(EXERCISE AIM): Scan the listing for the word "andP" and give the number of lines where it appears, with no other text.

- Opening Delimiter -

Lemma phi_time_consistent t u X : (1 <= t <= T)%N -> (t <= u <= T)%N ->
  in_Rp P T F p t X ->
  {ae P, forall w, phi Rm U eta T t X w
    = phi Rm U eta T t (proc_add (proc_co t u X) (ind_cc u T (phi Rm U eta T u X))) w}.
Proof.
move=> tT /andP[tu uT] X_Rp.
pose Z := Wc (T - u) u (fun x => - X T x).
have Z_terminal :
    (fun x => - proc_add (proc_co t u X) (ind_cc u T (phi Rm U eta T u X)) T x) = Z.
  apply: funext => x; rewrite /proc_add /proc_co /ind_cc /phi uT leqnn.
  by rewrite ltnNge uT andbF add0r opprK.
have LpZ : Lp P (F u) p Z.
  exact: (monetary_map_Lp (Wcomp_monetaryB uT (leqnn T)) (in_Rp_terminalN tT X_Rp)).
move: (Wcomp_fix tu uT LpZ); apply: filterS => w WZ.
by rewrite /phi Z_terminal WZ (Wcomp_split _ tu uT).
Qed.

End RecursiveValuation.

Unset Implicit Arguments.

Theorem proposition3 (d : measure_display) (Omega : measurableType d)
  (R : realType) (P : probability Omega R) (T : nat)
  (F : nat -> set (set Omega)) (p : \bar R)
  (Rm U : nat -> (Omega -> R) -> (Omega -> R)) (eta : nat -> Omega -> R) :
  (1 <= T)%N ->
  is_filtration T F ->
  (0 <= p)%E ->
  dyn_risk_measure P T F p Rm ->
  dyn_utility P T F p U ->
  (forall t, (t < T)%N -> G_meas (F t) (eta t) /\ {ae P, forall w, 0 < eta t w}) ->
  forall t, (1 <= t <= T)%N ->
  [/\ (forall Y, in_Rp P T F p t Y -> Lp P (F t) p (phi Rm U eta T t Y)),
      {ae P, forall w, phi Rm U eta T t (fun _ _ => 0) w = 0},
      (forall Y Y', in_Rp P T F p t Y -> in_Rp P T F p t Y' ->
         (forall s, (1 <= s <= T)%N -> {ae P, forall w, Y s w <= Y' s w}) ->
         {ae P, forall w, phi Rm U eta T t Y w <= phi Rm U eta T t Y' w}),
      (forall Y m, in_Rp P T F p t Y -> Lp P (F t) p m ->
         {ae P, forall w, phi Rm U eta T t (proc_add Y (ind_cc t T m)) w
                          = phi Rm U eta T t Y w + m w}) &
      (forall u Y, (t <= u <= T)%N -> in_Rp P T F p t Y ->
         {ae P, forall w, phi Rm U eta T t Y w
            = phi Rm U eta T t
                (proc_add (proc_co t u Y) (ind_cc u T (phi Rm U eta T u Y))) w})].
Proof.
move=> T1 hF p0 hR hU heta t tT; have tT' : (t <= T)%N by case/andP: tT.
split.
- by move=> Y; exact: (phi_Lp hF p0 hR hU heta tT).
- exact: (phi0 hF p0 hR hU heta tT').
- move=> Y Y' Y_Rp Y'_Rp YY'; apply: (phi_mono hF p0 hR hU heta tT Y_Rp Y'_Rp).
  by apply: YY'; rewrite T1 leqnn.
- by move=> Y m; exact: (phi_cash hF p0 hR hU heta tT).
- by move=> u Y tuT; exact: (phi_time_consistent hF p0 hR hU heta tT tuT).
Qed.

- Closing Delimiter -

(REPLY TO THE EXERCISE): 2